[[ Dataset records, beginning ]]
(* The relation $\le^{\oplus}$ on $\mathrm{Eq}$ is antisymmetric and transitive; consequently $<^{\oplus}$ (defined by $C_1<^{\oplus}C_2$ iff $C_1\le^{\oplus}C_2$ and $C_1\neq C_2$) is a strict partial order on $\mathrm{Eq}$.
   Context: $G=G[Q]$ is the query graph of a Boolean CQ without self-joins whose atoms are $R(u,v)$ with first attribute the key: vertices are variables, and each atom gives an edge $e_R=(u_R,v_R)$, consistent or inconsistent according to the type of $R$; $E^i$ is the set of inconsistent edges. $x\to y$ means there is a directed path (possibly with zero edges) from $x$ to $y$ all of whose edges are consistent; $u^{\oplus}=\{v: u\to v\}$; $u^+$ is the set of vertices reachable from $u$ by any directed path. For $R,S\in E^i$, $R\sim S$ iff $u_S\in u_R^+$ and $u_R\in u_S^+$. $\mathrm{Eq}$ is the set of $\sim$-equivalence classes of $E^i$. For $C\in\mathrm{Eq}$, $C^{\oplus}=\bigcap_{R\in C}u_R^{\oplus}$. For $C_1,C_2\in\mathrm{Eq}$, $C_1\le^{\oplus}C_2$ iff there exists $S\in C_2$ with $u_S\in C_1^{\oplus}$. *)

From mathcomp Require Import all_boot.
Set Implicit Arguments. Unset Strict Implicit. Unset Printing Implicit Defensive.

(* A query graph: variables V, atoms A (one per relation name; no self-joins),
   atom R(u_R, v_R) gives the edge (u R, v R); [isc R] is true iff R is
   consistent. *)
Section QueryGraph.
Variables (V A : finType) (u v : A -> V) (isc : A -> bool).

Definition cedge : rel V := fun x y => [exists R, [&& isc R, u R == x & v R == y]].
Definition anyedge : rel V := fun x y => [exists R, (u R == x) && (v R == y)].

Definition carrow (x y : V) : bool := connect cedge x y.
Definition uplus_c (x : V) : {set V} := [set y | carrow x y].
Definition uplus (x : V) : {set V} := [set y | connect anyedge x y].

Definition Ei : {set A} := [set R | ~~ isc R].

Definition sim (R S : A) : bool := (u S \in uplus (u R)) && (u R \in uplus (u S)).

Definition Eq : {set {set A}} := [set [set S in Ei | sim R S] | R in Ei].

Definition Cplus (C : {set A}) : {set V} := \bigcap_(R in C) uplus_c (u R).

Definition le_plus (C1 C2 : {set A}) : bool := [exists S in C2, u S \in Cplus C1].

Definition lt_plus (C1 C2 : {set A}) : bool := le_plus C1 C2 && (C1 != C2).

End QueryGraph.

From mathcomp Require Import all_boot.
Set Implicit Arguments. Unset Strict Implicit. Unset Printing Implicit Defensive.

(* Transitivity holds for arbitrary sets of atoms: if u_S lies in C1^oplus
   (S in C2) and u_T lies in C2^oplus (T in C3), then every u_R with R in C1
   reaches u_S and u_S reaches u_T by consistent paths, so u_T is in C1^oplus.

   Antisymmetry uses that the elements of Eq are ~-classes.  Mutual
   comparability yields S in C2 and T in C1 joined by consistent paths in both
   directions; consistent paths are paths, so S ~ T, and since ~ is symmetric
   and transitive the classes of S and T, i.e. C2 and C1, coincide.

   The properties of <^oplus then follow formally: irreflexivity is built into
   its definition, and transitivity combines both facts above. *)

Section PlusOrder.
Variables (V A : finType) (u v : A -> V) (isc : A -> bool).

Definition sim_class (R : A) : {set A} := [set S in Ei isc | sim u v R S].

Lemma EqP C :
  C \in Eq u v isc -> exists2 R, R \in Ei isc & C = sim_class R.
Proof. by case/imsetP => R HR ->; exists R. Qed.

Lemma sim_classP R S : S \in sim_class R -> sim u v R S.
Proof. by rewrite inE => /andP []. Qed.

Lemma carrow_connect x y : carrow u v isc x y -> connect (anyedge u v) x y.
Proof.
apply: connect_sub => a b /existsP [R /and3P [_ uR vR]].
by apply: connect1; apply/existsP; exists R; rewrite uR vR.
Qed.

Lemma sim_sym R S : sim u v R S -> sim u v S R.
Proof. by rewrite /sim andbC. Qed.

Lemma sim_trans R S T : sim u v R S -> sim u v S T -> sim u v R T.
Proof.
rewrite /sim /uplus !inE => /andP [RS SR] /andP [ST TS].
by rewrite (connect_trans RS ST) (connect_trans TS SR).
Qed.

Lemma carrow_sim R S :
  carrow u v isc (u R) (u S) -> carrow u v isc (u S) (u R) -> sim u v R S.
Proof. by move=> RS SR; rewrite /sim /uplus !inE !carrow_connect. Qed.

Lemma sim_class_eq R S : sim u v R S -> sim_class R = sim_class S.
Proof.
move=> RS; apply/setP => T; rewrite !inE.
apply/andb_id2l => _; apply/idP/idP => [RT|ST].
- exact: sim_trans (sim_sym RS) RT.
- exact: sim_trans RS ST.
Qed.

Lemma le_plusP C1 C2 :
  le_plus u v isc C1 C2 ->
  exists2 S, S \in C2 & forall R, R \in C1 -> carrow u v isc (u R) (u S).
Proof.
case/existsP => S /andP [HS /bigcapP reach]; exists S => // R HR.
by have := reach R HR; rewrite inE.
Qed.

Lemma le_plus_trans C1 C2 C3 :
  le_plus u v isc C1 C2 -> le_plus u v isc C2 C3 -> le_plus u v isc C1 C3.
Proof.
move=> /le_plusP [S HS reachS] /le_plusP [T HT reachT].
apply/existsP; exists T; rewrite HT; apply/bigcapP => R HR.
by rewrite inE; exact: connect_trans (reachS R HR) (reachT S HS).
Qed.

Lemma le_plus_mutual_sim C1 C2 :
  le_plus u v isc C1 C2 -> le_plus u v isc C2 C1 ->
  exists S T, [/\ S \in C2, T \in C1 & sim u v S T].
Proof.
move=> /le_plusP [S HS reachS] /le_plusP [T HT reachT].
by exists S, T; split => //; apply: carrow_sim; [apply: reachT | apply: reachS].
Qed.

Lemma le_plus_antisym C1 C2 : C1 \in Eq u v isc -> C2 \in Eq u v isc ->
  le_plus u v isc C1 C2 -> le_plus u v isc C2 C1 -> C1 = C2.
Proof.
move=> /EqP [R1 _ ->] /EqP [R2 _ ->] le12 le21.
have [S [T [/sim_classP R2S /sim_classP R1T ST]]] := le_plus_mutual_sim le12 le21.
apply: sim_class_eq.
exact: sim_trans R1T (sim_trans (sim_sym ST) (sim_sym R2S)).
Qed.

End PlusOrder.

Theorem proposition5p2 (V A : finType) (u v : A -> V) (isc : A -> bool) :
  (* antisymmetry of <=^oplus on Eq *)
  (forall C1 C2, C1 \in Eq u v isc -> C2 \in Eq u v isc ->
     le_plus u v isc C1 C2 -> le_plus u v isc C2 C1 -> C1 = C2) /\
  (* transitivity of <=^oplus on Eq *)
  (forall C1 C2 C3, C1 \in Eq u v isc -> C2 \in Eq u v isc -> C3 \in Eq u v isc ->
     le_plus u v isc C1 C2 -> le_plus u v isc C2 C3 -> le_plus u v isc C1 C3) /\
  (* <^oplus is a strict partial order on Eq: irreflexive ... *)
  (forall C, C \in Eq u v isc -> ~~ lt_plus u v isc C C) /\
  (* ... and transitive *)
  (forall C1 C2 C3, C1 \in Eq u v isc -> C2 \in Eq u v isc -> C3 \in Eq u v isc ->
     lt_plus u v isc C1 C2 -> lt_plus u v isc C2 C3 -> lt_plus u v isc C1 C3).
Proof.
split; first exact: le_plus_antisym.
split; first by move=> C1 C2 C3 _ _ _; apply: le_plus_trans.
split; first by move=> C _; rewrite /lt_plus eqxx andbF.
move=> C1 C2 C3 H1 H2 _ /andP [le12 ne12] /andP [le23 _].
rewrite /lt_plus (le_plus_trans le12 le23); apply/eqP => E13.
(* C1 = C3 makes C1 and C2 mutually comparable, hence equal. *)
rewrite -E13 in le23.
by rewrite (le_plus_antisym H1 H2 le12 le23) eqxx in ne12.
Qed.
[[ Dataset records, end ]]
◆ Aim of the exercise:
Above are the records. Identify each line that contains the word "andP".

◆ Expected answer:
Proof. by rewrite inE => /andP []. Qed.
rewrite /sim /uplus !inE => /andP [RS SR] /andP [ST TS].
case/existsP => S /andP [HS /bigcapP reach]; exists S => // R HR.
move=> C1 C2 C3 H1 H2 _ /andP [le12 ne12] /andP [le23 _].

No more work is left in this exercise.